In [68]:
import pandas as pd

Load everything we need first.

Reminder: Download the latest 'data' folder from Teams and replace yours before start working.

In [69]:
df_influent = pd.read_parquet('data/raw-data/Influent_2023.parquet')
df_oxygen_A = pd.read_parquet('data/raw-data/oxygen_a_2023.parquet')
df_oxygen_B = pd.read_parquet('data/raw-data/oxygen_b_2023.parquet')
df_ammonium = pd.read_parquet('data/raw-data/ammonium_2023.parquet')
df_nitrite = pd.read_parquet('data/raw-data/nitrate_2023.parquet')
df_phosphate = pd.read_parquet('data/raw-data/phosphate_2023.parquet')
df_effluent = pd.read_excel('data/raw-data/effluent_2023.xlsx')
df_weather = pd.read_csv('data/weather-data/weather_2023.csv', sep=',')

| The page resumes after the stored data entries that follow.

(* Let $q$ be a prime power and $n$ a positive integer with $\gcd(q,n)=1$. Iso-self-dual cyclic codes over $\mathbb{F}_q$ of length $n$ exist if and only if $0<\nu_2(n)<2\,\nu_2(q-1)$.
   Context: $R_n=\mathbb{F}_q[X]/\langle X^n-1\rangle$; each element is identified with its unique representative $a_0+a_1X+\dots+a_{n-1}X^{n-1}$ and with the word $(a_0,\dots,a_{n-1})\in\mathbb{F}_q^n$. A cyclic code of length $n$ is an ideal of $R_n$; $C^\perp$ is the Euclidean dual of $C$ in $\mathbb{F}_q^n$. Fix a primitive $n$-th root of unity $\theta$ in an extension field of $\mathbb{F}_q$. For $s\in\mathbb{Z}_n^*$ (unit group of $\mathbb{Z}/n\mathbb{Z}$) and $t\in\mathbb{Z}_n$ with $qt\equiv t\pmod n$ (so $\theta^t\in\mathbb{F}_q$), let $\varphi_{s,t}:R_n\to R_n$, $a(X)\mapsto a(\theta^{-t}X^{s^{-1}})\bmod (X^n-1)$, where $s^{-1}$ is a positive integer with $ss^{-1}\equiv1\pmod n$. A cyclic code $C\subseteq R_n$ is iso-self-dual if there exist such $s,t$ with $\varphi_{s,t}(C)=C^\perp$. For a nonzero integer $m$, $\nu_2(m)$ is the exponent of the largest power of $2$ dividing $m$; $\nu_2(0)=\infty$. *)

From HB Require Import structures.
From mathcomp Require Import all_boot all_order all_algebra all_field.
Set Implicit Arguments. Unset Strict Implicit. Unset Printing Implicit Defensive.
Import GRing.Theory.
Local Open Scope ring_scope.

Section Codes.
Variable F : fieldType.

(* Elements of R_n = F[X]/<X^n-1> are identified with their unique
   representatives: polynomials of size <= n (degree < n).
   A code is a set (predicate) of such representatives. *)

Definition is_cyclic_code (n : nat) (C : {poly F} -> Prop) : Prop :=
  [/\ (forall p, C p -> (size p <= n)%N),
      C 0,
      (forall p r, C p -> C r -> C (p + r))
    & (forall a p, C p -> C ((a * p) %% ('X^n - 1)))].

(* Euclidean dual, words (a_0,...,a_{n-1}) <-> a_0 + ... + a_{n-1} X^{n-1}. *)
Definition dual_code (n : nat) (C : {poly F} -> Prop) : {poly F} -> Prop :=
  fun v => (size v <= n)%N /\
           forall c, C c -> \sum_(i < n) v`_i * c`_i = 0.

Variable L : fieldType.
Variable iota : {rmorphism F -> L}.

(* phi_{s,t}(a) = a(theta^{-t} X^{s'}) mod (X^n - 1), with s' = s^{-1};
   computed in L[X] (theta lives in the extension L of F via iota). *)
Definition phi_st (theta : L) (n s' t : nat) (a : {poly F}) : {poly L} :=
  ((map_poly iota a) \Po ((theta ^+ t)^-1 *: 'X^s')) %% ('X^n - 1).

Definition iso_self_dual (q : nat) (theta : L) (n : nat) (C : {poly F} -> Prop) : Prop :=
  exists s t s' : nat,
    [/\ (s < n)%N /\ coprime s n, (t < n)%N /\ (q * t == t %[mod n])%N,
        (0 < s')%N /\ (s * s' == 1 %[mod n])%N &
        forall b : {poly L},
          (exists a, C a /\ phi_st theta n s' t a = b) <->
          (exists a, dual_code n C a /\ map_poly iota a = b)].
End Codes.

Definition nu2 (m : nat) : nat := logn 2 m.

From HB Require Import structures.
From mathcomp Require Import all_boot all_order all_algebra all_field.
From mathcomp Require Import cyclic abelian zify ring.
From Stdlib Require Import ClassicalEpsilon.
Set Implicit Arguments. Unset Strict Implicit. Unset Printing Implicit Defensive.
Import GRing.Theory.

(* For a cyclic code C let Z(C) be its zero set {k : c(theta^k) = 0 for all c in C}
   (exponents modulo n, with j * (n - 1) standing for -j).  Zero sets are exactly the
   unions of q-cyclotomic cosets, Z(C^perp) = -(complement of Z(C)), and phi_{s,t}
   transports zero sets along k |-> s'k - t.  Hence iso-self-dual codes exist iff some
   affine map k |-> -s'k - t with qt = t swaps a union Z of cyclotomic cosets with its
   complement.
   If 0 < nu2(n) < 2 nu2(q-1), let c = max(nu2(n) - nu2(q-1), 0) and take s = s' = -1,
   t = n / 2^(nu2(n) - c) and Z = {k : bit c of k is 1}: Z is q-invariant because
   q = 1 mod 2^(c+1), and k |-> k - t flips bit c because -t is an odd multiple of 2^c.
   Conversely, since Z is q-invariant, both k |-> uk - t and k |-> uqk - t (u = -s')
   swap Z with its complement; when the bound fails, one of them fixes a residue class
   modulo 2^nu2(n).  That class has an odd number n / 2^nu2(n) of elements and is
   permuted, so it cannot be split evenly between Z and its complement. *)

Local Open Scope nat_scope.

Lemma eq_modMl_coprime a m x y :
  coprime a m -> a * x = a * y %[mod m] -> x = y %[mod m].
Proof.
case: m => [|m] co_am eq_axy.
  by move: co_am eq_axy; rewrite /coprime gcdn0 => /eqP ->; rewrite !mul1n.
have phi_gt0 : 0 < totient m.+1 by rewrite totient_gt0.
have unmul z : z = a ^ (totient m.+1).-1 * (a * z) %[mod m.+1].
  by rewrite mulnA -expnSr prednK // -modnMml Euler_exp_totient // modnMml mul1n.
by rewrite (unmul x) (unmul y) -modnMmr eq_axy modnMmr.
Qed.


Lemma coprime_of_mul_mod1 n s s' : s * s' = 1 %[mod n] -> coprime s' n.
Proof.
move=> ss'; have : coprime (s * s') n by rewrite -coprime_modl ss' coprime_modl coprime1n.
by rewrite coprimeMl => /andP [].
Qed.

Lemma mul_pred_pred_mod n k : 0 < n -> k * (n - 1) * (n - 1) = k %[mod n].
Proof.
case: n => [|[|n]] // _; first by rewrite !modn1.
have -> : k * (n.+2 - 1) * (n.+2 - 1) = k * n * n.+2 + k by rewrite !subSS subn0; nia.
by rewrite modnMDl.
Qed.

Lemma dvdn_predMD n i l : i < n -> l < n -> (n %| (n - 1) * i + l) = (l == i).
Proof.
move=> lt_in lt_ln; rewrite /dvdn -[X in _ == X](mod0n n) -(eqn_modDr i) add0n.
have n_gt0 : 0 < n by case: n lt_in {lt_ln}.
have -> : (n - 1) * i + l + i = i * n + l by rewrite mulnBl mul1n addnAC subnK ?leq_pmull // mulnC.
by rewrite modnMDl !modn_small.
Qed.

Lemma affine_mod_invl n s s' t k :
  t <= n -> s * s' = 1 %[mod n] -> s' * ((t + k) * s) + (n - t) = k %[mod n].
Proof.
move=> le_tn ss'; rewrite (_ : s' * _ = s * s' * (t + k)); last by ring.
by rewrite -modnDml -modnMml ss' modnMml mul1n modnDml addnAC subnKC // modnDl.
Qed.

Lemma affine_mod_invr n s s' t j :
  t <= n -> s * s' = 1 %[mod n] -> (t + (s' * j + (n - t))) * s = j %[mod n].
Proof.
move=> le_tn ss'; rewrite addnCA subnKC // mulnDl (_ : s' * j * s = s * s' * j); last by ring.
by rewrite [n * s]mulnC addnC modnMDl -modnMml ss' modnMml mul1n.
Qed.

Lemma card_mod_class n d r :
  d %| n -> r < d -> #|[set k : 'I_n | k %% d == r]| = n %/ d.
Proof.
move=> /dvdnP [m ->] lt_rd; have d_gt0 : 0 < d by case: d lt_rd.
rewrite mulnK // cardsE cardE /enum_mem size_filter -enumT /=.
rewrite (@eq_count _ _ (preim val (fun k => k %% d == r))) // -count_map val_enum_ord.
elim: m => [|m IHm] //; rewrite mulSn addnC iotaD count_cat IHm -addn1; congr (_ + _).
rewrite add0n -[m * d]addn0 iotaDl count_map (@eq_in_count _ _ (pred1 r)).
  by rewrite (count_uniq_mem _ (iota_uniq 0 d)) mem_iota add0n lt_rd.
by move=> i; rewrite mem_iota add0n /= => lt_id; rewrite modnMDl modn_small.
Qed.

Lemma flip_card_even (T : finType) (S : {set T}) (Z : pred T) (f : T -> T) :
  injective f -> {in S, forall x, f x \in S} -> (forall x, Z (f x) = ~~ Z x) ->
  ~~ odd #|S|.
Proof.
move=> f_inj fS fZ; pose SZ := [set x | Z x].
have f_in (A B : {set T}) : {in A, forall x, f x \in B} -> #|A| <= #|B|.
  move=> fAB; rewrite -(card_imset _ f_inj).
  by apply/subset_leq_card/subsetP => _ /imsetP [x /fAB ? ->].
have le1 : #|S :&: SZ| <= #|S :\: SZ|.
  by apply: f_in => x; rewrite !inE fZ => /andP [xS ->]; rewrite fS.
have le2 : #|S :\: SZ| <= #|S :&: SZ|.
  by apply: f_in => x; rewrite !inE fZ => /andP [-> xS]; rewrite fS.
by rewrite -(cardsID SZ S) (@anti_leq #|S :&: SZ| _ (introT andP (conj le1 le2))) addnn odd_double.
Qed.

Definition cyclotomic_closed n q (Z : pred nat) :=
  (forall k, Z k = Z (k %% n)) /\ (forall k, Z (q * k) = Z k).

Lemma no_affine_flip n d w c x (Z : pred nat) :
  d %| n -> odd (n %/ d) -> coprime w n -> (forall k, Z k = Z (k %% n)) ->
  w * x + c = x %[mod d] -> ~ (forall k, Z (w * k + c) = ~~ Z k).
Proof.
move=> dvd_dn odd_nd co_wn Zmod fix_x flip.
have n_gt0 : 0 < n by case: (n) odd_nd; rewrite ?div0n.
have d_gt0 : 0 < d := dvdn_gt0 n_gt0 dvd_dn.
pose f (k : 'I_n) : 'I_n := Ordinal (ltn_pmod (w * k + c) n_gt0).
have f_inj : injective f.
  move=> k1 k2 /(congr1 val) /eqP; rewrite eqn_modDr => /eqP /(eq_modMl_coprime co_wn).
  by rewrite !modn_small // => /val_inj.
suff : ~~ odd (n %/ d) by rewrite odd_nd.
rewrite -(@card_mod_class _ _ (x %% d) dvd_dn) ?ltn_pmod //.
apply: (@flip_card_even _ _ (fun k : 'I_n => Z k) _ f_inj) => k /=; last first.
  by rewrite -Zmod flip.
rewrite !inE /= modn_dvdm // => /eqP class_k.
by rewrite -modnDml -modnMmr class_k modnMmr modnDml fix_x.
Qed.

Lemma pow2_not_dvd_choice u q c :
  odd u -> 1 < q -> logn 2 (q - 1) <= c ->
  exists2 w, w = u \/ w = u * q & ~~ (2 ^ c.+1 %| w - 1).
Proof.
move=> odd_u q_gt1 le_bc; set b := logn 2 (q - 1) in le_bc.
have [dvd_u | ] := boolP (2 ^ c.+1 %| u - 1); last by exists u; [left |].
exists (u * q); [by right | apply/negP => dvd_uq].
have u_gt0 : 0 < u by case: (u) odd_u.
have dvd_b : 2 ^ b.+1 %| u - 1 by apply: dvdn_trans dvd_u; rewrite dvdn_exp2l.
have : 2 ^ b.+1 %| q - 1.
  rewrite -(@Gauss_dvdr _ u) ?coprimeXl ?coprime2n // -(dvdn_addl _ dvd_b).
  have -> : u * (q - 1) + (u - 1) = u * q - 1 by nia.
  by apply: dvdn_trans dvd_uq; rewrite dvdn_exp2l.
by rewrite pfactor_dvdn ?subn_gt0 // ltnn.
Qed.

Lemma affine_fixpoint_pow2 a n w t :
  2 ^ a %| n -> t <= n -> 0 < w - 1 -> 2 ^ logn 2 (w - 1) %| t ->
  exists x, w * x + (n - t) = x %[mod 2 ^ a].
Proof.
move=> dvd_n le_tn w1_gt0 dvd_t.
have [o co_2o def_w1] := pfactor_coprime (isT : prime 2) w1_gt0.
set d := logn 2 (w - 1) in dvd_t def_w1.
have co_o : coprime o (2 ^ a) by rewrite coprime_sym coprimeXl.
set e := totient (2 ^ a).
have e_gt0 : 0 < e by rewrite totient_gt0 expn_gt0.
exists (t %/ 2 ^ d * o ^ e.-1).
have -> : w * (t %/ 2 ^ d * o ^ e.-1) = t %/ 2 ^ d * o ^ e.-1 + t * o ^ e.
  have def_w : w = o * 2 ^ d + 1 by lia.
  have def_oe : o ^ e = o * o ^ e.-1 by rewrite -expnS prednK.
  rewrite def_oe -{3}(divnK dvd_t) def_w.
  by set X := t %/ 2 ^ d; set Y := o ^ e.-1; set D := 2 ^ d; nia.
rewrite -addnA -modnDmr (_ : (t * o ^ e + (n - t)) %% 2 ^ a = 0) ?addn0 //.
rewrite -modnDml -modnMmr /e (Euler_exp_totient co_o) modnMmr muln1 modnDml subnKC //.
exact/eqP.
Qed.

Check the year of these dataframes are 2023, and see their columns names & records frenquency.

In [70]:
# influent data - recorded every minute
# df_influent.head()

# oxygen data (A & B) - need to be merged (take the average) first - recorded every minute
# df_oxygen_A.head()
# df_oxygen_B.head()

# chemical data (ammonium, nitrite, phosphate) - recorded every minute
# df_ammonium.head()
# df_nitrite.head()
# df_phosphate.head()

# effluent data - recorded every 15 minutes
# df_effluent.head() 15min

# weather data - recorded every hour
df_weather.head()

Unnamed: 0,Timestamp,PrecipitationAmount,Temperature
0,2023-01-01 00:00:00,0,15.3
1,2023-01-01 01:00:00,0,14.6
2,2023-01-01 02:00:00,0,15.0
3,2023-01-01 03:00:00,0,14.7
4,2023-01-01 04:00:00,0,14.1


In [71]:
# keep the columns we need and rename them
a_clean = df_oxygen_A[['datumBeginMeting', 'hstWaarde']].rename(columns={'hstWaarde': 'oxygen_a'})
b_clean = df_oxygen_B[['datumBeginMeting', 'hstWaarde']].rename(columns={'hstWaarde': 'oxygen_b'})

# merge two oxygen dataframes on 'datumBeginMeting'
df_oxygen = pd.merge(a_clean, b_clean, on='datumBeginMeting', how='inner')

# convert to numeric
df_oxygen['oxygen_a'] = pd.to_numeric(df_oxygen['oxygen_a'], errors='coerce')
df_oxygen['oxygen_b'] = pd.to_numeric(df_oxygen['oxygen_b'], errors='coerce')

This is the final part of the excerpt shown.